This is a yummy version of chicken fajitas. I like that the veggie/meat mix is a lot like you'd get at a restaurant. Usually when I make fajitas the mixture is super juice filled, this is more "dry", not like dry your mouth out dry, just not sopping wet, hopefully that makes sense. I love the addition of the citrus flavor from the limes!
Adapted from this recipe:
Marinade:
¼ cup fresh lime juice (about 3-4 limes)
1/3 cup water
2 tablespoons vegetable oil
2 large cloves garlic, minced
1 teaspoon salt
3 teaspoons vinegar
2 teaspoons soy sauce
½ teaspoons chili powder
½ teaspoon liquid smoke
¼ teaspoon black pepper
1/8 teaspoon onion powder
1 tsp lime zest
Fajitas:
1 1/2 pounds chicken breasts (about 3 large chicken breasts) cut into strips or pieces
1 yellow onion, cut into thin strips
1 green pepper, cut into thin strips
1 red (or orange) pepper, cut into thin strips
8 ounces fresh mushrooms, quartered
1 teaspoon soy sauce
2 tablespoons water
½ teaspoon fresh lime juice (a quick squeeze of a cut lime)
½ teaspoon lime zest
dash of salt and pepper
Combine all marinade ingredients in a small bowl. Place chicken in a ziploc bag and pour the marinade ingredients over the top. Seal the bag and place in the refrigerator and let marinate for 2-3 hours.
After marinading, take chicken out of the bag and discard the marinade. Grill or broil the chicken until done. Keep in a bowl w/foil in a warmed oven to keep warm.
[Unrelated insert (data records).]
Lemma exists_above a : A a -> exists y, A y /\ lt a y.
Proof.
move=> ha; have [g hg] := hseg ha; apply: NNPP => hn; apply: hA.
exists (fun z => if z == a then 0%N else (g z).+1) => x x' hx hx'.
have below z : A z -> z <> a -> A z /\ lt z a.
  move=> hz nza; split=> //; case: (lt_total z a) => [//|[//|haz]].
  by case: hn; exists z.
case: eqP => [->|nxa]; case: eqP => [->|nx'a] // [] /hg; apply; exact: below.
Qed.

Lemma incr_tuple_extend k m s : incr_tuple A m s -> exists r, incr_tuple A (m + k) (s ++ r).
Proof.
elim: k m s => [|k ih] m s hs; first by exists [::]; rewrite cats0 addn0.
have [y [hy hsy]] : exists y, A y /\ forall w, w \in s -> lt w y.
  case/lastP: s hs => [_|s a [hsa /increasing_rcons [_ hlt] _]].
    by have [y hy] := exists_of_not_embeds 0%N hA; exists y.
  have [y [hy hay]] : exists y, A y /\ lt a y.
    by apply: exists_above; apply: hsa; rewrite mem_rcons mem_head.
  exists y; split=> // w; rewrite mem_rcons inE => /orP [/eqP -> //|/hlt hwa].
  exact: lt_trans hwa hay.
have hsy' : incr_tuple A m.+1 (rcons s y) by apply/incr_tuple_rcons.
have [r hr] := ih m.+1 (rcons s y) hsy'.
by exists (y :: r); rewrite -cat_rcons addnS -addSn.
Qed.

Lemma homogeneous_take (T : Type) (h : seq I -> T) m N : (m <= N)%N ->
  homogeneous A N (fun s => h (take m s)) -> homogeneous A m h.
Proof.
move=> hmN hom s t hs ht.
have [r hr] := incr_tuple_extend (N - m) hs.
have [r' hr'] := incr_tuple_extend (N - m) ht.
rewrite subnKC // in hr hr'.
have [_ _ szs] := hs; have [_ _ szt] := ht.
by have := hom _ _ hr hr'; rewrite !take_size_cat.
Qed.

Lemma card_aleph1_of_segments : card_aleph1 A.
Proof.
split; first exact: hA.
exists (fun a b : {x | A x} => lt (proj1_sig a) (proj1_sig b)); split.
  split; first by move=> a; exact: lt_irr.
  split; first by move=> a b d; exact: lt_trans.
  split; last exact: (wf_inverse_image _ _ lt (@proj1_sig _ _) lt_wf).
  move=> [a ha] [b hb] /=; case: (lt_total a b) => [|[eab|]]; [by left | | by right; right].
  by right; left; subst b; rewrite (proof_irrelevance _ ha hb).
move=> [a ha]; have [g hg] := hseg ha.
exists (fun b : {x | A x} => g (proj1_sig b)) => [[b hb] [b' hb']] /= hlt hlt'.
move/(hg b b' (conj hb hlt) (conj hb' hlt')) => eb.
by subst b'; rewrite (proof_irrelevance _ hb hb').
Qed.

End CountableSegments.

End WellOrder.

Local Open Scope ring_scope.

Definition pattern_on (I : eqType) (pi : seq rat) (s : seq I) (x : I -> rat) : Prop :=
  exists l : seq (I * rat), [/\ [seq p.2 | p <- l] = pi, [seq p.1 | p <- l] = s,
    forall p, p \in l -> x p.1 = p.2 & forall i, i \notin s -> x i = 0].

Lemma pattern_on_inj (I : eqType) pi (s : seq I) (x y : I -> rat) :
  pattern_on pi s x -> pattern_on pi s y -> x = y.
Proof.
have zipE (l : seq (I * rat)) :
    [seq p.2 | p <- l] = pi -> [seq p.1 | p <- l] = s -> l = zip s pi.
  by move=> <- <-; rewrite zip_unzip.
move=> [l [l2 l1 hx x0]] [l' [l2' l1' hy y0]]; apply: functional_extensionality => i.
have [his|his] := boolP (i \in s); last by rewrite x0 ?y0.
rewrite -l1 in his; case/mapP: his => p pl ->.
by rewrite hx // hy // (zipE _ l2' l1') -(zipE _ l2 l1).
Qed.

Lemma vecQ_inj (I : eqType) (x y : vecQ I) : proj1_sig x = proj1_sig y -> x = y.
Proof. by case: x y => x hx [y hy] /= exy; subst y; rewrite (proof_irrelevance _ hx hy). Qed.

Lemma finsupp0 (I : eqType) : finsupp (fun _ : I => 0 : rat).
Proof. by exists [::] => i; rewrite eqxx. Qed.
Lemma exprz_addchar (a : int) : z ^ a = addchar a%:~R.
Proof.
have z_neq0 : z != 0 by rewrite (prim_root_eq0 z_prim) -lt0n prime_gt0.
have addcharV t : addchar (- t) = (addchar t)^-1.
  have addchar_neq0 : addchar t != 0 by apply: expf_neq0.
  by rewrite -[LHS]mulr1 -(mulfV addchar_neq0) mulrA addcharN mul1r.
by case: a => k; rewrite ?NegzE ?rmorphN /= ?addcharV -pmulrn addchar_nat.
Qed.

Lemma addchar1 : addchar 1 = z.
Proof. exact: (addchar_nat 1). Qed.

Lemma addchar1_neq1 : addchar 1 != 1.
Proof.
rewrite addchar1 -(expr1 z) -(expr0 z) (eq_prim_root_expr z_prim).
by rewrite mod0n modn_small ?prime_gt1.
Qed.

Lemma big_addchar T (idx : T) (op : T -> T -> T) (g : R -> T) :
  \big[op/idx]_(t : 'F_p) g (addchar t) = \big[op/idx]_(0 <= i < p) g (z ^+ i).
Proof. by rewrite [in RHS](_ : p = (Zp_trunc (pdiv p)).+2) ?Fp_cast // big_mkord. Qed.

Lemma sum_addchar s : \sum_(t : 'F_p) addchar (s * t) = (s == 0)%:R * p%:R.
Proof.
have [->|s_neq0] := eqVneq s 0.
  by under eq_bigr do rewrite mul0r addchar0; rewrite sumr_const card_Fp // mul1r.
rewrite mul0r (reindex_inj (mulfI (invr_neq0 s_neq0))) /=.
under eq_bigr do rewrite mulVKf //.
set S := \sum_t addchar t.
have : addchar 1 * S = S.
  by rewrite {2}/S (reindex_inj (addrI 1)) mulr_sumr; under [RHS]eq_bigr do rewrite addcharD.
move/eqP; rewrite -subr_eq0 -{2}[S]mul1r -mulrBl mulf_eq0 subr_eq0 (negbTE addchar1_neq1).
by move/eqP.
Qed.

Lemma sum_addchar_nonzero s :
  \sum_(t | t != 0) addchar (s * t) = (s == 0)%:R * p%:R - 1.
Proof. by rewrite -sum_addchar [in RHS](bigD1 0) //= mulr0 addchar0 addrC addrK. Qed.
(* Cut every interval at [t1] and [t2]. *)
Lemma small_increments01_of_pieces g X t1 t2 A B : t1 <= t2 -> abs_cont01 X -> 0 <= A -> 0 <= B ->
  controlled_on_pieces g X t1 t2 A B -> small_increments01 g.
Proof.
  intros Ht HX HA HB Hp eps Heps.
  set (small := eps / (6 * (B + 1))).
  destruct (HX small ltac:(apply Rdiv_lt_0_compat; lra)) as [dX [HdX HXf]].
  exists (Rmin dX (eps / (2 * (A + 1)))). split; [apply Rmin_case; auto; apply Rdiv_lt_0_compat; lra |].
  intros n a b Hab Hord Hlen.
  assert (Hlen1 : rsum (fun k => b k - a k) n < dX) by (eapply Rlt_le_trans; [apply Hlen | apply Rmin_l]).
  assert (Hlen2 : rsum (fun k => b k - a k) n < eps / (2 * (A + 1)))
    by (eapply Rlt_le_trans; [apply Hlen | apply Rmin_r]).
  set (c1 := fun k => Rmax (a k) (Rmin (b k) t1)).
  set (c2 := fun k => Rmax (c1 k) (Rmin (b k) t2)).
  assert (Hc : forall k, (k < n)%nat -> a k <= c1 k /\ c1 k <= c2 k /\ c2 k <= b k).
  { intros k Hk. destruct (Hab k Hk) as [? [? ?]]. unfold c2, c1, Rmax, Rmin. repeat destruct Rle_dec; lra. }
  assert (Hpc : forall u v, 0 <= u -> u <= v -> v <= 1 ->
      (u = v \/ v <= t1 \/ (t1 <= u /\ v <= t2) \/ t2 <= u) ->
      Rabs (g v - g u) <= A * (v - u) + B * pnorm (psub (X v) (X u))).
  { intros u v Hu Huv Hv [-> | Hor]; [| apply Hp; auto].
    rewrite Rminus_diag, Rabs_R0. pose proof (pnorm_nonneg (psub (X v) (X v))). nra. }
  set (dX1 := fun k => pnorm (psub (X (c1 k)) (X (a k)))).
  set (dX2 := fun k => pnorm (psub (X (c2 k)) (X (c1 k)))).
  set (dX3 := fun k => pnorm (psub (X (b k)) (X (c2 k)))).
  assert (Hterm : forall k, (k < n)%nat -> g (b k) - g (a k) <= A * (b k - a k) + B * (dX1 k + dX2 k + dX3 k)).
  { intros k Hk. destruct (Hab k Hk) as [Ha [Hab' Hb]]. destruct (Hc k Hk) as [Hc1 [Hc12 Hc2]].
    assert (H1 : Rabs (g (c1 k) - g (a k)) <= A * (c1 k - a k) + B * dX1 k)
      by (apply Hpc; try lra; unfold c1, Rmax, Rmin; repeat destruct Rle_dec; lra).
    assert (H2 : Rabs (g (c2 k) - g (c1 k)) <= A * (c2 k - c1 k) + B * dX2 k)
      by (apply Hpc; try lra; unfold c2, c1, Rmax, Rmin; repeat destruct Rle_dec; lra).
    assert (H3 : Rabs (g (b k) - g (c2 k)) <= A * (b k - c2 k) + B * dX3 k)
      by (apply Hpc; try lra; unfold c2, c1, Rmax, Rmin; repeat destruct Rle_dec; lra).
    apply Rabs_le_iff in H1, H2, H3. lra. }
  assert (F1 : rsum dX1 n < small).
  { destruct (nested_intervals n a b a c1 Hab Hord) as [? [? ?]];
      [intros k Hk; destruct (Hc k Hk); lra | apply HXf; auto; lra]. }
  assert (F2 : rsum dX2 n < small).
  { destruct (nested_intervals n a b c1 c2 Hab Hord) as [? [? ?]];
      [intros k Hk; destruct (Hc k Hk); lra | apply HXf; auto; lra]. }
  assert (F3 : rsum dX3 n < small).
  { destruct (nested_intervals n a b c2 b Hab Hord) as [? [? ?]];
      [intros k Hk; destruct (Hc k Hk); lra | apply HXf; auto; lra]. }
  eapply Rle_lt_trans; [apply rsum_le, Hterm |].
  rewrite rsum_plus, !rsum_scal, !rsum_plus.
  assert (A * rsum (fun k => b k - a k) n <= A * (eps / (2 * (A + 1)))) by (apply Rmult_le_compat_l; lra).
  assert (2 * (A + 1) * (eps / (2 * (A + 1))) = eps) by (field; lra).
  assert (B * (rsum dX1 n + rsum dX2 n + rsum dX3 n) <= B * (3 * small)) by (apply Rmult_le_compat_l; lra).
  assert (6 * (B + 1) * small = eps) by (unfold small; field; lra).
  assert (0 < eps / (2 * (A + 1))) by (apply Rdiv_lt_0_compat; lra).
  assert (0 < small) by (unfold small; apply Rdiv_lt_0_compat; lra).
  nra.
Qed.

Lemma derivable_pt_lim_increment_bound h t d : derivable_pt_lim h t d ->
  forall eps, 0 < eps -> exists r, 0 < r /\
  forall k, Rabs k < r -> Rabs (h (t + k) - h t - d * k) <= eps * Rabs k.
Proof.
  intros H eps Heps. destruct (H eps Heps) as [r Hr]. exists r. split; [apply cond_pos |].
  intros k Hk. destruct (Req_dec k 0) as [-> | Hk0].
  - replace (t + 0) with t by ring. replace (h t - h t - d * 0) with 0 by ring.
    rewrite !Rabs_R0. lra.
  - specialize (Hr k Hk0 Hk).
    replace (h (t + k) - h t - d * k) with (((h (t + k) - h t) / k - d) * k) by (field; auto).
    rewrite Rabs_mult. pose proof (Rabs_pos k). nra.
Qed.

Lemma derivable_pt_lim_straddle h t d : derivable_pt_lim h t d ->
  forall eps, 0 < eps -> exists r, 0 < r /\
  forall u v, u <= t -> t <= v -> t - r < u -> v < t + r -> h v - h u <= (d + eps) * (v - u).
Proof.
  intros H eps Heps. destruct (derivable_pt_lim_increment_bound h t d H eps Heps) as [r [Hr Hb]].
  exists r. split; auto. intros u v Hu Hv Hu' Hv'.
  pose proof (Hb (v - t) ltac:(apply Rabs_lt_iff; lra)) as Hbv.
  pose proof (Hb (u - t) ltac:(apply Rabs_lt_iff; lra)) as Hbu.
  replace (t + (v - t)) with v in Hbv by ring. replace (t + (u - t)) with u in Hbu by ring.
  rewrite (Rabs_pos_eq (v - t)) in Hbv by lra. rewrite (Rabs_left1 (u - t)) in Hbu by lra.
  apply Rabs_le_iff in Hbv, Hbu. nra.
Qed.

Lemma straddle_of_local_derivative (g h : R -> R) t d ft C r0 :
  derivable_pt_lim h t d -> d <= ft -> 0 < r0 ->
  (forall s, 0 <= s <= 1 -> Rabs (s - t) < r0 -> g s = h s + C) ->
  straddle_at ft g t.
Proof.
  intros Hd Hdf Hr0 Hg eps Heps. destruct (derivable_pt_lim_straddle h t d Hd eps Heps) as [r1 [Hr1 Hs]].
  exists (Rmin r0 r1). split; [apply Rmin_case; lra |]. intros u v Hu Hut Htv Hv Hu' Hv'.
  pose proof (Rmin_l r0 r1). pose proof (Rmin_r r0 r1).
  rewrite (Hg u), (Hg v); try (split; lra); try (apply Rabs_lt_iff; lra).
  specialize (Hs u v Hut Htv ltac:(lra) ltac:(lra)). nra.
Qed.

Lemma derivable_pt_lim_locally_affine F t l r : 0 < r ->
  (forall h, Rabs h < r -> F (t + h) = F t + l * h) -> derivable_pt_lim F t l.
Proof.
  intros Hr H eps Heps. exists (mkposreal r Hr). intros h Hh0 Hh. simpl in Hh.
  rewrite H by auto. replace ((F t + l * h - F t) / h - l) with 0 by (field; auto).
  rewrite Rabs_R0. auto.
Qed.

Lemma has_deriv_locally_affine (X : R -> pt) t c0 c1 w r : 0 < r ->
  (forall s, Rabs (s - t) < r -> X s = scal (c0 + c1 * s) w) -> has_deriv X t (scal c1 w).
Proof.
  intros Hr H.
  assert (Hh : forall h, Rabs h < r -> X (t + h) = scal (c0 + c1 * t + c1 * h) w).
  { intros h Hh. rewrite H by (replace (t + h - t) with h by ring; auto). f_equal. ring. }
  assert (Ht : X t = scal (c0 + c1 * t) w) by (apply H; rewrite Rminus_diag, Rabs_R0; auto).
  split; apply (derivable_pt_lim_locally_affine _ _ _ r Hr); intros h Hh';
    rewrite Hh, Ht by auto; unfold scal; simpl; ring.
Qed.
Lemma cotPI_reg_small y : 0 < y <= 1/4 -> Rabs (cotPI_reg y) <= 10 * y.
Proof.
  intros Hy. pose proof PI_gt_3. pose proof PI_4.
  set (x := PI * y).
  assert (Hx : 0 < x <= 1) by (unfold x; split; nra).
  destruct (sin_cos_taylor_bounds x) as [Hs Hd]; [lra|].
  replace (cotPI_reg y) with (PI * (x * cos x - sin x) / (x * sin x)).
  2:{ assert (sin x <> 0) by lra. unfold cotPI_reg, cotPI, x in *. field. lra. }
  unfold Rdiv. rewrite Rabs_mult, Rabs_mult, (Rabs_pos_eq PI) by lra.
  rewrite (Rabs_pos_eq (/ (x * sin x))) by (apply Rlt_le, Rinv_0_lt_compat; nra).
  apply (Rmult_le_reg_r (x * sin x)); [nra|].
  rewrite Rmult_assoc, Rmult_assoc, Rinv_l, Rmult_1_r by nra.
  assert (PI * (x ^ 3 / 2) <= 10 * y * (x * (5 * x / 6))).
  { replace (PI * (x ^ 3 / 2)) with (x * x * (PI * x / 2)) by field.
    replace (10 * y * (x * (5 * x / 6))) with (x * x * (25 * y / 3)) by field.
    apply Rmult_le_compat_l; [nra|]. unfold x. assert (PI * PI <= 16) by nra. nra. }
  assert (10 * y * (x * (5 * x / 6)) <= 10 * y * (x * sin x))
    by (apply Rmult_le_compat_l; [lra | apply Rmult_le_compat_l; lra]).
  assert (PI * Rabs (x * cos x - sin x) <= PI * (x ^ 3 / 2)) by (apply Rmult_le_compat_l; lra).
  lra.
Qed.

Lemma ex_derive_continuity_pt (f : R -> R) x : ex_derive f x -> continuity_pt f x.
Proof.
  intros H. apply continuity_pt_filterlim.
  apply (ex_derive_continuous (K := R_AbsRing) (V := R_NormedModule)), H.
Qed.

Lemma continuity_pt_cotPI_reg_0 : continuity_pt cotPI_reg 0.
Proof.
  unfold continuity_pt, continue_in, limit1_in, limit_in. simpl. unfold R_dist.
  intros eps Heps. exists (Rmin (1/4) (eps / 20)). split; [apply Rmin_pos; lra|].
  intros y [_ Hy]. rewrite cotPI_reg_0, Rminus_0_r in *.
  assert (Hy1 : Rabs y < 1/4) by (eapply Rlt_le_trans; [exact Hy | apply Rmin_l]).
  assert (Hy2 : Rabs y < eps / 20) by (eapply Rlt_le_trans; [exact Hy | apply Rmin_r]).
  destruct (Rtotal_order y 0) as [Hn | [-> | Hp]].
  - rewrite <- (Ropp_involutive y), cotPI_reg_opp, Rabs_Ropp.
    rewrite Rabs_left in Hy1, Hy2 by lra.
    eapply Rle_lt_trans; [apply cotPI_reg_small|]; lra.
  - rewrite cotPI_reg_0, Rabs_R0. lra.
  - rewrite Rabs_right in Hy1, Hy2 by lra.
    eapply Rle_lt_trans; [apply cotPI_reg_small|]; lra.
Qed.

Lemma sin_PI_mult_neq_0 y : 0 < Rabs y < 1 -> sin (PI * y) <> 0.
Proof.
  intros Hy. pose proof PI_gt_3.
  destruct (Rtotal_order y 0) as [Hn | [-> | Hp]].
  - rewrite Rabs_left in Hy by lra.
    replace (PI * y) with (- (PI * - y)) by ring. rewrite sin_neg.
    assert (0 < sin (PI * - y)) by (apply sin_gt_0; nra). lra.
  - rewrite Rabs_R0 in Hy. lra.
  - rewrite Rabs_right in Hy by lra.
    assert (0 < sin (PI * y)) by (apply sin_gt_0; nra). lra.
Qed.

Lemma continuity_pt_cotPI_reg y : Rabs y < 1 -> continuity_pt cotPI_reg y.
Proof.
  intros Hy. destruct (Req_dec y 0) as [-> | Hn]; [apply continuity_pt_cotPI_reg_0|].
  apply ex_derive_continuity_pt. unfold cotPI_reg, cotPI. auto_derive.
  split; [apply sin_PI_mult_neq_0; split; [apply Rabs_pos_lt|]; auto | auto].
Qed.
(* Every causal net is a single execution net: if $K=\langle S,T,F,I,R,\mathsf m,\ell\rangle$ is a causal net, then every state $X\in\mathrm{St}(K)$ is a set.
   Context: A (labelled contextual) Petri net is $N=\langle S,T,F,I,R,\mathsf m,\ell\rangle$ with disjoint places $S$ and transitions $T$, flow $F\subseteq(S\times T)\cup(T\times S)$, inhibitor arcs $I\subseteq S\times T$, read arcs $R\subseteq S\times T$, initial marking $\mathsf m$ (a multiset on $S$) and total labelling $\ell:T\to L$. Notation: ${}^\bullet x=\{y\mid(y,x)\in F\}$, $x^\bullet=\{y\mid(x,y)\in F\}$, ${}^\circ t=\{s\mid (s,t)\in I\}$, $\underline t=\{s\mid (s,t)\in R\}$; every transition has nonempty preset. $t$ is enabled at $m$ if ${}^\bullet t+\underline t\subseteq m$ and $m(s)=0$ for all $s\in{}^\circ t$; firing gives $m-{}^\bullet t+t^\bullet$. A state is the multiset $t_1+\dots+t_n$ of a finite firing sequence from $\mathsf m$; $\mathrm{St}(N)$ is the set of states, $\lfloor X\rfloor$ the support of $X$; a configuration is $\ell(X)$ for a state $X$. Standing assumption: all nets are safe (every reachable marking has at most one token per place). $<_N$ denotes the transitive closure of $F$. Define $t\prec_N t'$ iff ${}^\bullet t\cap{}^\circ t'\neq\emptyset$ or $t^\bullet\cap\underline{t'}\neq\emptyset$; and $t\ \#_N\ t'$ iff no state $X$ satisfies $\{t,t'\}\subseteq\lfloor X\rfloor$. $N$ is a pre-causal net if: (1) $<_N\cap(T\times T)=\emptyset$, and for all $t$: ${}^\bullet t\cap{}^\circ t=\emptyset$ and $t^\bullet\cap\underline t=\emptyset$; (2) for all $t$ and $s\in{}^\circ t$, $|\ell(s^\bullet)|=1$; (3) $t\prec_N t'$ implies not $t'\prec_N t$; (4) ${}^\circ t\cup\underline t$ is finite for every $t$; (5) $t\ \#_N\ t'$ implies ${}^\bullet t\cap{}^\bullet t'\neq\emptyset$; (6) $t\neq t'$ and $\ell(t)=\ell(t')$ imply $t\ \#_N\ t'$. A causal net is a pre-causal net $K$ such that (a) for every $X\in\mathrm{St}(K)$ the reflexive transitive closure $\prec_K^{*}$ restricted to $\lfloor X\rfloor$ is a partial order, and (b) every $t\in T$ lies in $\lfloor X\rfloor$ for some state $X$. A net is single execution if every state is a set. *)

From Stdlib Require Import Relations List.

Set Implicit Arguments.

(* Places have type Pl, transitions type Tr (disjoint by construction),
   labels type L.  The flow relation F ⊆ (S×T) ∪ (T×S) is split into its
   two parts [pre] (S×T) and [post] (T×S). *)
Record net (Pl Tr L : Type) := Net {
  pre  : Pl -> Tr -> bool;
  post : Tr -> Pl -> bool;
  inh  : Pl -> Tr -> bool;   (* (s,t) ∈ I *)
  rd   : Pl -> Tr -> bool;   (* (s,t) ∈ R *)
  m0   : Pl -> nat;
  lab  : Tr -> L
}.

Section Nets.
Variables (Pl Tr L : Type) (N : net Pl Tr L).

Definition b2n (b : bool) : nat := if b then 1 else 0.

Definition is_net : Prop := forall t : Tr, exists s : Pl, pre N s t = true.

Definition enabled (m : Pl -> nat) (t : Tr) : Prop :=
  (forall s, b2n (pre N s t) + b2n (rd N s t) <= m s) /\
  (forall s, inh N s t = true -> m s = 0).

Definition fire (m : Pl -> nat) (t : Tr) (m' : Pl -> nat) : Prop :=
  forall s, m' s = m s - b2n (pre N s t) + b2n (post N t s).

Inductive reach : (Pl -> nat) -> (Tr -> nat) -> Prop :=
| reach0 : reach (m0 N) (fun _ => 0)
| reachS : forall m X t m' X',
    reach m X -> enabled m t -> fire m t m' ->
    X' t = X t + 1 -> (forall u, u <> t -> X' u = X u) ->
    reach m' X'.

Definition state (X : Tr -> nat) : Prop := exists m, reach m X.

Definition safe : Prop := forall m X, reach m X -> forall s, m s <= 1.

Definition flow (x y : Pl + Tr) : Prop :=
  match x, y with
  | inl s, inr t => pre N s t = true
  | inr t, inl s => post N t s = true
  | _, _ => False
  end.

Definition ltN : relation (Pl + Tr) := clos_trans (Pl + Tr) flow.

Definition prec (t t' : Tr) : Prop :=
  (exists s, pre N s t = true /\ inh N s t' = true) \/
  (exists s, post N t s = true /\ rd N s t' = true).

Definition conflict (t t' : Tr) : Prop :=
  ~ exists X, state X /\ 0 < X t /\ 0 < X t'.

Definition pre_causal : Prop :=
  (forall t t' : Tr, ~ ltN (inr t) (inr t')) /\
  (forall t s, ~ (pre N s t = true /\ inh N s t = true)) /\
  (forall t s, ~ (post N t s = true /\ rd N s t = true)) /\
  (forall t s, inh N s t = true ->
     exists a : L, forall b : L,
       (exists t', pre N s t' = true /\ lab N t' = b) <-> b = a) /\
  (forall t t', prec t t' -> ~ prec t' t) /\
  (forall t, exists l : list Pl,
     forall s, inh N s t = true \/ rd N s t = true -> In s l) /\
  (forall t t', conflict t t' -> exists s, pre N s t = true /\ pre N s t' = true) /\
  (forall t t', t <> t' -> lab N t = lab N t' -> conflict t t').

Definition partial_order_on_support (X : Tr -> nat) : Prop :=
  let R := clos_refl_trans Tr prec in
  (forall t, 0 < X t -> R t t) /\
  (forall t t' t'', 0 < X t -> 0 < X t' -> 0 < X t'' ->
     R t t' -> R t' t'' -> R t t'') /\
  (forall t t', 0 < X t -> 0 < X t' -> R t t' -> R t' t -> t = t').

Definition causal : Prop :=
  pre_causal /\
  (forall X, state X -> partial_order_on_support X) /\
  (forall t : Tr, exists X, state X /\ 0 < X t).

Definition single_execution : Prop :=
  forall X, state X -> forall t, X t <= 1.

End Nets.

From Stdlib Require Import Relations List Lia Classical_Prop.

(* Fix a transition t and, since the net has nonempty presets, a place s in
   its preset.  Condition (1) of pre-causality says that the flow relation has
   no path between two transitions; a transition u with s in its postset would
   give the path u F s F t, so no transition ever produces a token on s.
   Along any firing sequence the count on s therefore only decreases, and
   every firing of t removes one token from it: for each reachable marking m
   with multiset of fired transitions X we get  m(s) + X(t) <= m0(s).
   Safety of the initial marking gives m0(s) <= 1, hence X(t) <= 1. *)

Section TokenBudget.
Variables (Pl Tr L : Type) (N : net Pl Tr L).

Lemma preset_place_unproduced (s : Pl) (t : Tr) :
  (forall u t' : Tr, ~ ltN N (inr u) (inr t')) ->
  pre N s t = true -> forall u, post N u s = false.
Proof.
  intros Hacyclic Hpre u.
  destruct (post N u s) eqn:Hpost; [|reflexivity].
  exfalso; apply (Hacyclic u t).
  apply t_trans with (y := inl s); apply t_step; assumption.
Qed.

Lemma unproduced_place_budget (s : Pl) (t : Tr) :
  pre N s t = true -> (forall u, post N u s = false) ->
  forall m X, reach N m X -> m s + X t <= m0 N s.
Proof.
  intros Hpre Hunproduced m X Hreach.
  induction Hreach as [|m X u m' X' _ IH [Hcover _] Hfire Hfired Hother].
  - lia.
  - (* firing u only removes tokens from s, and removes one when u = t;
       transitions carry no decidable equality, so we split classically *)
    assert (Hdrop : m' s = m s - b2n (pre N s u)).
    { rewrite (Hfire s), Hunproduced; simpl; lia. }
    specialize (Hcover s).
    destruct (classic (u = t)) as [-> | Hne].
    + rewrite Hpre in Hcover, Hdrop; simpl in Hcover, Hdrop. lia.
    + rewrite (Hother t (fun e => Hne (eq_sym e))). lia.
Qed.

End TokenBudget.

Theorem mainTheorem5 (Pl Tr L : Type) (K : net Pl Tr L) :
  is_net K -> safe K -> causal K -> single_execution K.
Proof.
  intros Hnet Hsafe [[Hacyclic _] _] X [m Hreach] t.
  destruct (Hnet t) as [s Hpre].
  pose proof (unproduced_place_budget _ _ _ K s t Hpre
                (preset_place_unproduced _ _ _ K s t Hacyclic Hpre) _ _ Hreach).
  pose proof (Hsafe _ _ (reach0 K) s).
  lia.
Qed.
In a large nonstick skillet, heat 1 tablespoon oil over medium heat and add the onion, mushrooms and peppers. Stir fry until softened but still crisp tender. Add soy sauce, water, lime juice, lime zest, and salt and pepper. Cook another 2-3 minutes, stirring frequently. Slice chicken thinly on the diagonal and toss with the vegetables in the skillet. Serve immediately with flour tortillas (my favorite are the ones you cook yourself) and top with tomatoes, guacamole, cheese, sour cream, and whatever else you want.